Farmer |
Not less than 10
million Nigerian children or 13 per cent of the population of children
in the country are at the risk of becoming mentally deformed in
adulthood - no thanks to nutrient deprivation, particularly lack of
iodine in the diet.
According to data
from Countrymeters.info, as at the beginning of 2017, 40.9 per cent of
the population was aged below 15 while the 15- 65 years bracket
constituted 55.9 per cent and persons aged 65 and above accounted for
3.1 per cent.
In absolute figures, 77,599,973 of young Nigerians are under 15 years old (39,663,430 males and 37,938,439 females).
An average of 13 per cent of this figure which is approximately 10,087,996, is at risk.
Alarm
Raising the alarm
in Lagos, Emeritus professor of nutrition and former President of the
Nutrition Society of Nigeria, Professor Babatunde Oguntona, urged the
Federal government to pay more attention to nutrition of children in the
country and to scale up funding of malnutrition interventions.
Speaking in Lagos
at a Nutrition Symposium on "Malnutrition, Child Development and the
Media" organised by the Media Centre Against Child Malnutrition (MeCAM),
Oguntona, fondly referred to as Father of Nutrition in Nigeria, said it
could only be imagined the implication of having 13 per cent of
mentally deformed children becoming parliamentarians.
"Inadequate iodine
in our food is a serious threat. You can't talk of development when you
ignore the issue of nutrition status of your people."
Oguntona warned
that between 13 and 18 Nigerian children die of malnutrition and related
diseases every hour and called on the media to step up advocacy on the
issue.
School feeding
programme: He identified the school feeding programme as one of the ways
to make up for children that are marginally malnourished, "First we
have a lot of children in this country who have escaped childhood period
and carried over a lot of nutrient deficiency into their early school
years.
"But they are able to continue and the longer they live, the more nutritional deficiency takes effect.
"So a country that
is wise will catch them at the school level and try as much as possible
to make up for that deficiency through adequate school meal."
According to the
nutriton scientist, the benefits of school meals is to provide critical
nutrients that might be missing or missed in early years for the
affected children and also help them to stay in school and benefit from
schooling.
"It is only when
you do that that you can produce children who will develop the country.
If you don't do that you are going to lose a lot of children to
malnutrition and they will continue to carry it over till adulthood.
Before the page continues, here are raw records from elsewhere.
Lemma fdist_vertexE (F : nat -> nat -> nat) i0 t0 :
    i0 < n -> t0 < 4 -> F i0 t0 = 0 ->
    (forall j t, j < n -> t < 4 -> F j t = 0 -> j = i0 /\ t = t0) ->
    (forall i t j s, i < n -> t < 4 -> j < n -> s < 4 ->
       snark_adj i t j s -> F j s <= (F i t).+1) ->
    (forall j t, j < n -> t < 4 -> 0 < F j t ->
       exists j' t', [/\ j' < n, t' < 4, snark_adj j' t' j t & (F j' t').+1 = F j t]) ->
    (forall j t, j < n -> t < 4 -> F j t < n * 4) ->
  forall v : fvert n, fdist (vertex i0 t0) v = F v.1 v.2.
Proof.
move=> lt_i0 lt_t0 F0 F0_eq F_lip F_desc F_small.
rewrite fdistE; apply: (walk_distE (f := fun v : fvert n => F v.1 v.2)) => /=.
- by rewrite vertex_idx ?vertex_role.
- move=> v /F0_eq[] // <- <-; exact: vertexE.
- by move=> u v; rewrite fsnark_adjE; apply: F_lip.
- move=> v /F_desc[] // j' [t' [lt_j' lt_t' adj desc]].
  exists (vertex j' t'); rewrite ?fsnark_adjE vertex_idx ?vertex_role //.
- by move=> v; rewrite card_prod !card_ord; apply: F_small.
Qed.

Lemma outer_descent (F : nat -> nat -> nat) j : j < n ->
    (F (cycle_succ n j) 0).+1 = F j 0 \/ (F (cycle_pred n j) 0).+1 = F j 0 ->
  exists j' t', [/\ j' < n, t' < 4, snark_adj j' t' j 0 & (F j' t').+1 = F j 0].
Proof.
move=> lt_jn [desc | desc]; [exists (cycle_succ n j) | exists (cycle_pred n j)];
  exists 0; split=> //; rewrite /snark_adj /snark_arc /cycle_succ /cycle_pred;
  case_ifs; lia.
Qed.

Lemma inner_descent (F : nat -> nat -> nat) j t : j < n -> (t == 2) || (t == 3) ->
    let r := inner_pos n j t in
    let next := cycle_succ (n + n) r in let prev := cycle_pred (n + n) r in
    (F (inner_index n next) (inner_role n next)).+1 = F j t \/
    (F (inner_index n prev) (inner_role n prev)).+1 = F j t ->
  exists j' t', [/\ j' < n, t' < 4, snark_adj j' t' j t & (F j' t').+1 = F j t].
Proof.
move=> lt_jn t23 /= [desc | desc]; (eexists; eexists; split; last exact: desc);
  rewrite /snark_adj /snark_arc /inner_index /inner_role /inner_pos
          /cycle_succ /cycle_pred; case_ifs; lia.
Qed.

End FlowerSnarkCoordinates.

Definition absdiff (x y : nat) := if x <= y then y - x else x - y.

Definition cycle_dist (M x y : nat) :=
  if absdiff x y + absdiff x y <= M then absdiff x y else M - absdiff x y.

Definition depth (t : nat) := match t with 0 => 0 | 1 => 1 | _ => 2 end.

Definition dist_from_a (n i j t : nat) := cycle_dist n i j + depth t.

Definition dist_from_b (n i j t : nat) :=
  if t == 1 then (if j == i then 0 else cycle_dist n i j + 2) else cycle_dist n i j + 1.

Definition inner_dist (n i t0 j t : nat) :=
  cycle_dist (n + n) (inner_pos n i t0) (inner_pos n j t).

(* From c_i (t0 = 2) or d_i (t0 = 3), an inner vertex is reached either along
   the inner cycle or through b_i and the antipodal vertex (d_i resp. c_i),
   which costs 2 + (n - inner_dist). *)
Definition dist_from_inner (n i t0 j t : nat) :=
  if t == 0 then cycle_dist n i j + 2 else if t == 1 then cycle_dist n i j + 1 else
  if inner_dist n i t0 j t + inner_dist n i t0 j t <= n + 2 then inner_dist n i t0 j t
  else n + 2 - inner_dist n i t0 j t.

Ltac snark_arith :=
  rewrite /dist_from_a /dist_from_b /dist_from_inner /inner_dist /snark_adj /snark_arc
          /inner_index /inner_role /inner_pos /cycle_succ /cycle_pred /cycle_dist /absdiff /=;
  case_ifs; lia.

Section FlowerSnarkDistances.
Variable m : nat.
Hypothesis m_ge2 : 2 <= m.
Local Notation n := m.+1.

Lemma fdist_from_a i : i < n ->
  forall v : fvert n, fdist (vertex m i 0) v = dist_from_a n i v.1 v.2.
Proof.
move=> lt_in; apply: fdist_vertexE => //.
- snark_arith.
- move=> j t lt_jn; case_role t; snark_arith.
- move=> i' t j s lt_i'n; case_role t => lt_jn; case_role s; snark_arith.
- move=> j t lt_jn; case_role t => pos.
  + apply: (outer_descent (F := dist_from_a n i)) => //; move: pos; snark_arith.
  + by exists j, 0; split=> //; snark_arith.
  + by exists j, 1; split=> //; snark_arith.
  + by exists j, 1; split=> //; snark_arith.
- move=> j t lt_jn; case_role t; snark_arith.
Qed.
Such adults cannot truly sustainably develop in a country.
"Another thing is
brain power; a hungry child cannot concentrate. We may not be able to
quantify the benefit of school meals in naira and kobo but the country
would have benefited a lot and some of the children that would have
succumbed to diseases would have been made immuned."
Improper funding:
Nigeria currently lacks proper funding to address the problem, noted
Sunday Okoronkwo, a project manager at the Civil Society on Scaling Up
Nutrition Nigeria (CS-SUNN), who said the actual number of stunted
children in the country could most likely be higher than 11 million.
Okoronkwo, who
represented the CS-SUNN project director, Mrs Beatrice Eluaka, lamented
that the country's $912m action plan on nutrition for 2014 through 2019
remains largely unfunded.
He noted that Nigeria's $100 million counterpart funding of the policy is hardly captured in the annual federal budgets.
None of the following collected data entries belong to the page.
Definition light (i : I) : bool :=
  [forall A : {set 'I_m}, (A != finset.set0) && (A \subset S i) ==>
     (local_weight A <= eta * p ^+ #|A| * N)].

Lemma light_overlap_le i : light i ->
  \sum_j w j * (p ^- #|S i :&: S j| - 1) <= (2 ^ k)%:R * (eta * N).
Proof.
move=> /forallP light_i.
pose sub_i A := (A != finset.set0) && (A \subset S i).
apply: le_trans (_ : \sum_(A | sub_i A) eta * N <= _); last first.
  by apply: (@sum_subsets_le i) => [|A /andP[]//]; exact: mulr_ge0 eta_ge0 (ltW N_gt0).
apply: le_trans (_ : \sum_j w j *
    \sum_(A | (A != finset.set0) && (A \subset S i :&: S j)) p ^- #|A| <= _).
  by apply: ler_sum => j _; apply: ler_wpM2l => //; exact: invpX_sub1_le.
under eq_bigr do rewrite mulr_sumr.
rewrite (exchange_big_dep sub_i) /=; last first.
  by move=> j A _ /andP[nA]; rewrite finset.subsetI /sub_i nA => /andP[->].
apply: ler_sum => A /andP[nA sA].
have -> : \sum_(j | (A != finset.set0) && (A \subset S i :&: S j)) w j * p ^- #|A|
    = local_weight A * p ^- #|A|.
  by rewrite /local_weight mulr_suml; apply: eq_bigl => j; rewrite nA finset.subsetI sA.
move: (light_i A); rewrite nA sA /= => tA_le.
by rewrite ler_pdivrMr ?exprp_gt0 // mulrAC.
Qed.

Lemma variance_ht_light :
  expect p (fun X => (ht_part light X - weight_frac light) ^+ 2) <= (2 ^ k)%:R * eta.
Proof.
rewrite expect_sqr_centered ?expect_ht_part // expect_ht_part_sqr.
have -> : weight_frac light ^+ 2 =
    N^-1 ^+ 2 * \sum_(i | light i) \sum_(j | light j) w i * w j.
  rewrite /weight_frac exprMn; congr (_ * _).
  by rewrite expr2 mulr_suml; apply: eq_bigr => i _; rewrite mulr_sumr.
rewrite -mulrBr -sumrB.
have -> : \sum_(i | light i) (\sum_(j | light j) w i * w j * p ^- #|S i :&: S j|
      - \sum_(j | light j) w i * w j)
    = \sum_(i | light i) w i * \sum_(j | light j) w j * (p ^- #|S i :&: S j| - 1).
  by apply: eq_bigr => i _; rewrite -sumrB mulr_sumr; apply: eq_bigr => j _; ring.
have bound_ge0 : 0 <= (2 ^ k)%:R * (eta * N).
  by rewrite mulr_ge0 ?ler0n // mulr_ge0 // ltW.
apply: le_trans (_ : N^-1 ^+ 2 * \sum_i w i * ((2 ^ k)%:R * (eta * N)) <= _).
  apply: ler_wpM2l; first by rewrite exprn_ge0 ?invN_ge0.
  rewrite [leRHS](bigID light) /= -[leLHS]addr0 lerD //; last first.
    by apply: sumr_ge0 => i _; rewrite mulr_ge0.
  apply: ler_sum => i light_i; apply: ler_wpM2l => //.
  apply: le_trans (light_overlap_le light_i).
  apply: ler_sum_subpred => // j _.
  apply: mulr_ge0 => //; rewrite subr_ge0 invf_ge1 ?exprp_gt0 //.
  exact: exprn_ile1 (ltW p_gt0) p_le1.
rewrite -mulr_suml -/N (_ : _ * (N * _) = (2 ^ k)%:R * eta) //.
by field; rewrite gt_eqF.
Qed.

Lemma weight_frac_heavy_le : weight_frac (predC light) <= N^-1 * heavy_mass eta.
Proof.
apply: ler_wpM2l; first exact: invN_ge0.
rewrite /heavy_mass /local_weight (exchange_big_dep predT) //= [leLHS]big_mkcond /=.
apply: ler_sum => i _; case: ifPn => [/forallPn[A]|_]; last by apply: sumr_ge0.
rewrite negb_imply -ltNge => /andP[/andP[nA sA] tA_gt].
rewrite (bigD1 A) /=; last first.
  by rewrite sA andbT /heavy tA_gt card_gt0 nA (leq_trans (subset_leq_card sA)).
by rewrite lerDl; apply: sumr_ge0.
Qed.

End LightIndices.

(* Chebyshev for [u] and Markov for [y + b], both at threshold d / 3, in pointwise form. *)
Lemma deviation_split_le (d u y b : R) : 0 < d -> 0 <= u -> 0 <= y -> 0 <= b ->
  d < u + y + b -> 1 <= 9 / d ^+ 2 * u ^+ 2 + 3 / d * (y + b).
Proof.
move=> d0 u0 y0 b0 d_lt.
have : d ^+ 2 <= 9 * u ^+ 2 + 3 * d * (y + b).
  have : 0 <= d * (u + y + b - d).
    by apply: mulr_ge0; [exact: ltW | rewrite subr_ge0; exact: ltW].
  have : 0 <= (3 * u - d / 2) ^+ 2 by exact: sqr_ge0.
  nra.
have -> : 9 / d ^+ 2 * u ^+ 2 + 3 / d * (y + b) = (9 * u ^+ 2 + 3 * d * (y + b)) / d ^+ 2.
  by field; rewrite gt_eqF.
by rewrite ler_pdivlMr ?exprn_gt0 // mul1r.
Qed.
He said the 2017 federal budget has no provision for the plan which expires in 2019.
The National
Coordinator of MeCAM in Nigeria, Mr. Remmy Nweke observed that tackling
malnutrition early enough in life is the best proactive measure to have a
future of people with sound health and feeding habits and that
prospecting a nation with sound economy after all, a healthy nation is a
wealthy nation.
"As you may be
aware, the number of Nigerian malnourished children is a big chunk in
the world which accounted for over 2.5 million who are suffering from
Severe Acute Malnutrition (SAM) as at the end of July 2017, according to
UNICEF.
This is exclusive
of others who may be suffering from various forms of malnutrition,
quoted at between 11,000,000 and 13,000,000.
Noting that
Nigeria's rates of severe wasting are among the world's highest at
around 1.9 million children each year, Nweke said 1 in 10 of all
severely wasted children worldwide live in Nigeria.
"Its time we engage
the populace and policy makers towards seeking improved attention for
malnutrition and especially in children.
Top pro-nutrition
civil society groups, including Community Health and Research Initiative
(CHRI), Scaling Up Nutrition Business Network Nigeria and Global
Alliance on Improved Nutrition (GAIN), attended the event.